Input data:
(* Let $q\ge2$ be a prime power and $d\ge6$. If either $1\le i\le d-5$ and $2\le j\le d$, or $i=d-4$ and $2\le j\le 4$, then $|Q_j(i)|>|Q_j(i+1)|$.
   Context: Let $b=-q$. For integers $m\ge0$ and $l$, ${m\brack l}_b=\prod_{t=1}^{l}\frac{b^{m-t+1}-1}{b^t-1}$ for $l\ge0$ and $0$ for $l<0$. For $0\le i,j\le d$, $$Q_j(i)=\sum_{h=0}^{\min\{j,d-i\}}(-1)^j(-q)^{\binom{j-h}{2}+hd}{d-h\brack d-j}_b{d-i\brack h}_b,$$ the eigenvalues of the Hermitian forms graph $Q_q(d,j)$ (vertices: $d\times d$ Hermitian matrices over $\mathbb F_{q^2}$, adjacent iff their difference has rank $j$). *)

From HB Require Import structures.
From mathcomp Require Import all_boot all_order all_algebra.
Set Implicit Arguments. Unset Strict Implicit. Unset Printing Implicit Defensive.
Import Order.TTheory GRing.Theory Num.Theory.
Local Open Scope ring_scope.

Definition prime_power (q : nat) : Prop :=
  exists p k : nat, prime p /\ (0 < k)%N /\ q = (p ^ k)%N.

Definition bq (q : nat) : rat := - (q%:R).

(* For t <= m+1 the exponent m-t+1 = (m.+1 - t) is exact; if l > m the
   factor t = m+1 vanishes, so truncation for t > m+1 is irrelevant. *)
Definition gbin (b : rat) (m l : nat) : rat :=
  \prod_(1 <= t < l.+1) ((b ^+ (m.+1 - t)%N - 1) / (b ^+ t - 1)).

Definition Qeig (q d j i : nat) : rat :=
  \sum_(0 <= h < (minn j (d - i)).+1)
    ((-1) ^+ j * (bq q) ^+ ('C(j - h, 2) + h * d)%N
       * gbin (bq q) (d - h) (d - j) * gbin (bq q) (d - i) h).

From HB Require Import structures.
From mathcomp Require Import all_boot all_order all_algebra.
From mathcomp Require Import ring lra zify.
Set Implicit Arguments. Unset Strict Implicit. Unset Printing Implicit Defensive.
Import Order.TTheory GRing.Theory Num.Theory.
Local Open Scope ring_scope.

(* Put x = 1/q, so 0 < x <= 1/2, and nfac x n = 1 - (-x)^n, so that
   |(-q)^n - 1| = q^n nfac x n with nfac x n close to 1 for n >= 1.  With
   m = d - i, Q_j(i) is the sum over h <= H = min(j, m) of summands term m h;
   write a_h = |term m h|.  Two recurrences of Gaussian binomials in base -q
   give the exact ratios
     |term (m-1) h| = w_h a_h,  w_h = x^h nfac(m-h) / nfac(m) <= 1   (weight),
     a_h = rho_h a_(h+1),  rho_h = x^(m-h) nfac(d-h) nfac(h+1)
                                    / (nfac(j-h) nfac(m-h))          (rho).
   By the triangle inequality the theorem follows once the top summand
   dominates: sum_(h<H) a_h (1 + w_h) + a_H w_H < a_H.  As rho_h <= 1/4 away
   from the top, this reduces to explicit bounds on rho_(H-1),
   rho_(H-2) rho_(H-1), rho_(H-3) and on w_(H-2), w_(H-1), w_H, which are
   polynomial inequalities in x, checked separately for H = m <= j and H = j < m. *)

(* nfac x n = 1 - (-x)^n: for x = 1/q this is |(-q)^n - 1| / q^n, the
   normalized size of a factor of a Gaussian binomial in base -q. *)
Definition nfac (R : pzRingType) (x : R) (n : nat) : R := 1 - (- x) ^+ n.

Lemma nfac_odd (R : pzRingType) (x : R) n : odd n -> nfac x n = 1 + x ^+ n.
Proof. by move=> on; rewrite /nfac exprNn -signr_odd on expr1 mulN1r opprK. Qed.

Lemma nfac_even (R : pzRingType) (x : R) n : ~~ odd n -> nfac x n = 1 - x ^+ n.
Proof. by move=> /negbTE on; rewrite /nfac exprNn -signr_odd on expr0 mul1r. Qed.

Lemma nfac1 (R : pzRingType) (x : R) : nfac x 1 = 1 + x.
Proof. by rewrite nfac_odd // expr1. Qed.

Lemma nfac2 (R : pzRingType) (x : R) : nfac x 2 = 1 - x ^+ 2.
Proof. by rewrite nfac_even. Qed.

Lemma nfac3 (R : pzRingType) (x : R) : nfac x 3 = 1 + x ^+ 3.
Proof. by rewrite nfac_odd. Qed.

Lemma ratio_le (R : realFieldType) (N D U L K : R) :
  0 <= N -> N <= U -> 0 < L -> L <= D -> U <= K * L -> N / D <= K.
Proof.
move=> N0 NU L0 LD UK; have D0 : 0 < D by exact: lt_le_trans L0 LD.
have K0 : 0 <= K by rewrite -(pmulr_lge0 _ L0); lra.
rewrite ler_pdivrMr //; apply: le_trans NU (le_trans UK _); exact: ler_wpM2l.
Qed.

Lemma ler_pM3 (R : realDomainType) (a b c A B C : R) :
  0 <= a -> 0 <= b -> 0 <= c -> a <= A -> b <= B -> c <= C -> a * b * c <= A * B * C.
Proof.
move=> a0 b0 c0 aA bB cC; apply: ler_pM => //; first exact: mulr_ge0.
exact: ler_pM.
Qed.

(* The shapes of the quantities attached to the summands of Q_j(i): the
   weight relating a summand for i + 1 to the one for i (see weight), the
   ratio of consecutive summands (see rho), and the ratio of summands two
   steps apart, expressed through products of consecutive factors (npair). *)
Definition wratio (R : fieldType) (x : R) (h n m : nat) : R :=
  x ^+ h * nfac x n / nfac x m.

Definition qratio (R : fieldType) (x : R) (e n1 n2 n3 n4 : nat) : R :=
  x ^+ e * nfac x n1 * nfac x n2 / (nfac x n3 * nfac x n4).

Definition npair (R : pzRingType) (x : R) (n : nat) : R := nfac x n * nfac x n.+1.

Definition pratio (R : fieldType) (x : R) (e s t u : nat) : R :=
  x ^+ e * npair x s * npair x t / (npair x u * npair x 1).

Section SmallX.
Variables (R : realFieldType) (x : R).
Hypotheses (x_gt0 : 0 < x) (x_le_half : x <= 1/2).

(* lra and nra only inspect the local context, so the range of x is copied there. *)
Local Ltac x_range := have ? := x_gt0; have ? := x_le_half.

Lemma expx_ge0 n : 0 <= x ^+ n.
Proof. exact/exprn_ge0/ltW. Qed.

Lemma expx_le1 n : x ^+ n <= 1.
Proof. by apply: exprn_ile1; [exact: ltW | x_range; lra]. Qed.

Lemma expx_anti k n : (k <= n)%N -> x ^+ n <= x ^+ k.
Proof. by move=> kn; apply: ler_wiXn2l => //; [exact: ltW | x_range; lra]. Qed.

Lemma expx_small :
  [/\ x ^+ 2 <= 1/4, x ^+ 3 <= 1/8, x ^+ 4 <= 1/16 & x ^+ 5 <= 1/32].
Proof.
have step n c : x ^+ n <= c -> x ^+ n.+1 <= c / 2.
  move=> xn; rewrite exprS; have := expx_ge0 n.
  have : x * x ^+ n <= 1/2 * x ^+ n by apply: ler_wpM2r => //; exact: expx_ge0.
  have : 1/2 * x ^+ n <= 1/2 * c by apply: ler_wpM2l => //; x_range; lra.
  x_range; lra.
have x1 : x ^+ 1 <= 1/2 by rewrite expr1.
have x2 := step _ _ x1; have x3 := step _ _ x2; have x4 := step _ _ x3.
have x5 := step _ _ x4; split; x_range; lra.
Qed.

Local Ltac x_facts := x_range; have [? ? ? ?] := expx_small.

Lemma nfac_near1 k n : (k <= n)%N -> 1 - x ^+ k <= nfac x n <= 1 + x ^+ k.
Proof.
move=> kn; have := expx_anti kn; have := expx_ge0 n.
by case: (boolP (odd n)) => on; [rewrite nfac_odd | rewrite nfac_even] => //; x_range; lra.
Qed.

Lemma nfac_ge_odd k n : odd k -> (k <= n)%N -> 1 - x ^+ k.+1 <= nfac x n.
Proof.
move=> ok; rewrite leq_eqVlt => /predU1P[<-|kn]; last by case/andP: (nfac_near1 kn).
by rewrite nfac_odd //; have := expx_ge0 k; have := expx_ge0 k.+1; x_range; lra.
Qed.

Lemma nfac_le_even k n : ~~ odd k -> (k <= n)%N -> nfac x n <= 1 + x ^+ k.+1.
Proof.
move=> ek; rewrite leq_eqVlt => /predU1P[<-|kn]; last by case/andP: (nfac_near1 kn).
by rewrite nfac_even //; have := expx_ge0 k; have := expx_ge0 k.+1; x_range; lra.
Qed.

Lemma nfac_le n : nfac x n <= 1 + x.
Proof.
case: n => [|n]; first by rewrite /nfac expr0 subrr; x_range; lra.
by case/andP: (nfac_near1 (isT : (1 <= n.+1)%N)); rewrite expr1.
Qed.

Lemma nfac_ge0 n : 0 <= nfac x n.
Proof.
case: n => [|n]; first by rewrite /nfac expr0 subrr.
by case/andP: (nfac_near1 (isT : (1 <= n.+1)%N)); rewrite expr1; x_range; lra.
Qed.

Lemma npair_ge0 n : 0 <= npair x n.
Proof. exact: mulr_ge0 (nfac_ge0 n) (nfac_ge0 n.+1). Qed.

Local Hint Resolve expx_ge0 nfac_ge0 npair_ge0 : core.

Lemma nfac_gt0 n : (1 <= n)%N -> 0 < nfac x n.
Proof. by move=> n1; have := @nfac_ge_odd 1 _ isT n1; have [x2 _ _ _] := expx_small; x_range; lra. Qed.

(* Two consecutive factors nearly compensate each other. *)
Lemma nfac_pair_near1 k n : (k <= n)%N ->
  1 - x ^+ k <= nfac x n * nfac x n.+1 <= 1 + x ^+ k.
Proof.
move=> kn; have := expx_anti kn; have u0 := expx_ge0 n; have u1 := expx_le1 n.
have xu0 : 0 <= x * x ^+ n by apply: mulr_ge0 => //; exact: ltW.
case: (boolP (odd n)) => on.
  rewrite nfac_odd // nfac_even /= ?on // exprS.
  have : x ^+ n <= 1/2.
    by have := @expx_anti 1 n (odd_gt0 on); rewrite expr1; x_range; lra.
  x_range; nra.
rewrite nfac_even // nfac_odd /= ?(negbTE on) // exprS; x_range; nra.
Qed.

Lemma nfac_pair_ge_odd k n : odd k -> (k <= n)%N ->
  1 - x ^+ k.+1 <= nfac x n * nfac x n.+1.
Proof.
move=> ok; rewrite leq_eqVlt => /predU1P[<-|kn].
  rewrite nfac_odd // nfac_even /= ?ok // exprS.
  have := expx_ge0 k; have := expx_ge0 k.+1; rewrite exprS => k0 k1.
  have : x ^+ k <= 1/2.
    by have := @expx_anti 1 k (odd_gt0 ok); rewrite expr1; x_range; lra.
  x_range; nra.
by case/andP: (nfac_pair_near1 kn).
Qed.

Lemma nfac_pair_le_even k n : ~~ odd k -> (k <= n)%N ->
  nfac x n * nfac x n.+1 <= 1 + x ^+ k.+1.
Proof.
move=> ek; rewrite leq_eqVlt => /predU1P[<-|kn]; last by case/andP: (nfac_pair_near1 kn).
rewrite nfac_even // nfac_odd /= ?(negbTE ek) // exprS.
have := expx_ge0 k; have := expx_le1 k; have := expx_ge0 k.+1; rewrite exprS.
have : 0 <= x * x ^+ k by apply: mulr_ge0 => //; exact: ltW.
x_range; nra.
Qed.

...

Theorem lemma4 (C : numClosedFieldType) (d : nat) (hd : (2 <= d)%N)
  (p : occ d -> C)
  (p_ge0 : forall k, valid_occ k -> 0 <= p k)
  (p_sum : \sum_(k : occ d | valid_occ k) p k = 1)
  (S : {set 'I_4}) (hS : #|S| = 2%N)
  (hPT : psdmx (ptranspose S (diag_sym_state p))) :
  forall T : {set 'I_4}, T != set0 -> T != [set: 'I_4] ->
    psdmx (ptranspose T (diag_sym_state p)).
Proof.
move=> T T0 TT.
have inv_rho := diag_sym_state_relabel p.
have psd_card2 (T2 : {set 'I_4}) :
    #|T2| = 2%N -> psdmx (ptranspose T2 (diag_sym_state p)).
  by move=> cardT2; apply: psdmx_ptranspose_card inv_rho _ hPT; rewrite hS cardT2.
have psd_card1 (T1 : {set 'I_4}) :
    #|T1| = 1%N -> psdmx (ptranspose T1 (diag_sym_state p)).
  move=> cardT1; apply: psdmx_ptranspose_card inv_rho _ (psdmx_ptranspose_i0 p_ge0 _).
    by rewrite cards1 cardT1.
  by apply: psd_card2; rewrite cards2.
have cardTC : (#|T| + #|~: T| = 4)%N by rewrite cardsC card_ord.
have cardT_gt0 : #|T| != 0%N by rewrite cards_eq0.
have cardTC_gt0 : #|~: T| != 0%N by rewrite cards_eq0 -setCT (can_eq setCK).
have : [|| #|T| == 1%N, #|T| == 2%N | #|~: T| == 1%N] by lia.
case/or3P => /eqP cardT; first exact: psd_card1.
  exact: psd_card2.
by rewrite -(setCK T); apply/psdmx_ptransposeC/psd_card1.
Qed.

About this exercise:
All lines above from the one containing "move=> cardT1; apply: psdmx_ptranspose_card" to the one containing "exact: psd_card2." must be repeated exactly, both lines included, and no others.

Output of the task:
  move=> cardT1; apply: psdmx_ptranspose_card inv_rho _ (psdmx_ptranspose_i0 p_ge0 _).
    by rewrite cards1 cardT1.
  by apply: psd_card2; rewrite cards2.
have cardTC : (#|T| + #|~: T| = 4)%N by rewrite cardsC card_ord.
have cardT_gt0 : #|T| != 0%N by rewrite cards_eq0.
have cardTC_gt0 : #|~: T| != 0%N by rewrite cards_eq0 -setCT (can_eq setCK).
have : [|| #|T| == 1%N, #|T| == 2%N | #|~: T| == 1%N] by lia.
case/or3P => /eqP cardT; first exact: psd_card1.
  exact: psd_card2.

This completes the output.